(* For all integers $n$ and $\alpha$ with $n\le\alpha\le 2^n$, there exists a minimal $n$-state nondeterministic finite automaton accepting a star language whose equivalent minimal deterministic finite automaton has exactly $\alpha$ states. The same statement holds with ''star language'' replaced by ''comet language'', and also with ''star language'' replaced by ''two-sided comet language''.
   Context: NFAs have a single initial state and a transition function $\delta:Q\times\Sigma\to 2^Q$ that may map to the empty set (no sink state is needed or counted); DFAs are complete, so a sink state is counted. A minimal $n$-state NFA is an NFA with $n$ states such that no NFA with fewer states accepts the same language. A language $L\subseteq\Sigma^*$ is a star language if $L=H^*$ for some regular language $H\subseteq\Sigma^*$. It is a comet language if $L=G^*H$ for regular languages $G,H\subseteq\Sigma^*$ with $G\neq\{\lambda\}$ and $G\neq\emptyset$ ($\lambda$ the empty word). It is a two-sided comet language if $L=EG^*H$ for regular languages $E,G,H\subseteq\Sigma^*$ with $G\neq\{\lambda\}$ and $G\neq\emptyset$. *)

From mathcomp Require Import all_boot.
Set Implicit Arguments. Unset Strict Implicit. Unset Printing Implicit Defensive.

Section Automata.
Variable Sigma : finType.

Definition lang := seq Sigma -> Prop.

Definition lang_eq (L1 L2 : lang) : Prop := forall w, L1 w <-> L2 w.

Definition lconcat (L1 L2 : lang) : lang :=
  fun w => exists u v, w = u ++ v /\ L1 u /\ L2 v.

Definition lstar (L : lang) : lang :=
  fun w => exists ws : seq (seq Sigma), (forall u, u \in ws -> L u) /\ w = flatten ws.

(* NFA with states 'I_n, a single initial state, delta : Q x Sigma -> 2^Q
   (possibly empty; no sink state). *)
Record nfa (n : nat) := NFA {
  n_init : 'I_n;
  n_trans : 'I_n -> Sigma -> {set 'I_n};
  n_final : {set 'I_n} }.

Definition nfa_run n (A : nfa n) (S : {set 'I_n}) (w : seq Sigma) : {set 'I_n} :=
  foldl (fun (S : {set 'I_n}) (a : Sigma) => \bigcup_(q in S) n_trans A q a) S w.

Definition nfa_lang n (A : nfa n) : lang :=
  fun w => nfa_run A [set n_init A] w :&: n_final A != set0.

(* Complete DFA with states 'I_m (a sink state, if any, is counted). *)
Record dfa (m : nat) := DFA {
  d_init : 'I_m;
  d_trans : 'I_m -> Sigma -> 'I_m;
  d_final : {set 'I_m} }.

Definition dfa_lang m (D : dfa m) : lang :=
  fun w => foldl (d_trans D) (d_init D) w \in d_final D.

Definition regular (L : lang) : Prop :=
  exists m (A : nfa m), lang_eq (nfa_lang A) L.

Definition minimal_nfa n (A : nfa n) : Prop :=
  forall k (B : nfa k), k < n -> ~ lang_eq (nfa_lang B) (nfa_lang A).

Definition min_dfa_size (L : lang) (alpha : nat) : Prop :=
  (exists D : dfa alpha, lang_eq (dfa_lang D) L) /\
  (forall k (D : dfa k), k < alpha -> ~ lang_eq (dfa_lang D) L).

Definition lang_eps : lang := fun w => w = [::].
Definition lang_empty : lang := fun _ => False.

* * * * *

Copy the material above so that it matches line for line.

(* For all integers $n$ and $\alpha$ with $n\le\alpha\le 2^n$, there exists a minimal $n$-state nondeterministic finite automaton accepting a star language whose equivalent minimal deterministic finite automaton has exactly $\alpha$ states. The same statement holds with ''star language'' replaced by ''comet language'', and also with ''star language'' replaced by ''two-sided comet language''.
   Context: NFAs have a single initial state and a transition function $\delta:Q\times\Sigma\to 2^Q$ that may map to the empty set (no sink state is needed or counted); DFAs are complete, so a sink state is counted. A minimal $n$-state NFA is an NFA with $n$ states such that no NFA with fewer states accepts the same language. A language $L\subseteq\Sigma^*$ is a star language if $L=H^*$ for some regular language $H\subseteq\Sigma^*$. It is a comet language if $L=G^*H$ for regular languages $G,H\subseteq\Sigma^*$ with $G\neq\{\lambda\}$ and $G\neq\emptyset$ ($\lambda$ the empty word). It is a two-sided comet language if $L=EG^*H$ for regular languages $E,G,H\subseteq\Sigma^*$ with $G\neq\{\lambda\}$ and $G\neq\emptyset$. *)

From mathcomp Require Import all_boot.
Set Implicit Arguments. Unset Strict Implicit. Unset Printing Implicit Defensive.

Section Automata.
Variable Sigma : finType.

Definition lang := seq Sigma -> Prop.

Definition lang_eq (L1 L2 : lang) : Prop := forall w, L1 w <-> L2 w.

Definition lconcat (L1 L2 : lang) : lang :=
  fun w => exists u v, w = u ++ v /\ L1 u /\ L2 v.

Definition lstar (L : lang) : lang :=
  fun w => exists ws : seq (seq Sigma), (forall u, u \in ws -> L u) /\ w = flatten ws.

(* NFA with states 'I_n, a single initial state, delta : Q x Sigma -> 2^Q
   (possibly empty; no sink state). *)
Record nfa (n : nat) := NFA {
  n_init : 'I_n;
  n_trans : 'I_n -> Sigma -> {set 'I_n};
  n_final : {set 'I_n} }.

Definition nfa_run n (A : nfa n) (S : {set 'I_n}) (w : seq Sigma) : {set 'I_n} :=
  foldl (fun (S : {set 'I_n}) (a : Sigma) => \bigcup_(q in S) n_trans A q a) S w.

Definition nfa_lang n (A : nfa n) : lang :=
  fun w => nfa_run A [set n_init A] w :&: n_final A != set0.

(* Complete DFA with states 'I_m (a sink state, if any, is counted). *)
Record dfa (m : nat) := DFA {
  d_init : 'I_m;
  d_trans : 'I_m -> Sigma -> 'I_m;
  d_final : {set 'I_m} }.

Definition dfa_lang m (D : dfa m) : lang :=
  fun w => foldl (d_trans D) (d_init D) w \in d_final D.

Definition regular (L : lang) : Prop :=
  exists m (A : nfa m), lang_eq (nfa_lang A) L.

Definition minimal_nfa n (A : nfa n) : Prop :=
  forall k (B : nfa k), k < n -> ~ lang_eq (nfa_lang B) (nfa_lang A).

Definition min_dfa_size (L : lang) (alpha : nat) : Prop :=
  (exists D : dfa alpha, lang_eq (dfa_lang D) L) /\
  (forall k (D : dfa k), k < alpha -> ~ lang_eq (dfa_lang D) L).

Definition lang_eps : lang := fun w => w = [::].
Definition lang_empty : lang := fun _ => False.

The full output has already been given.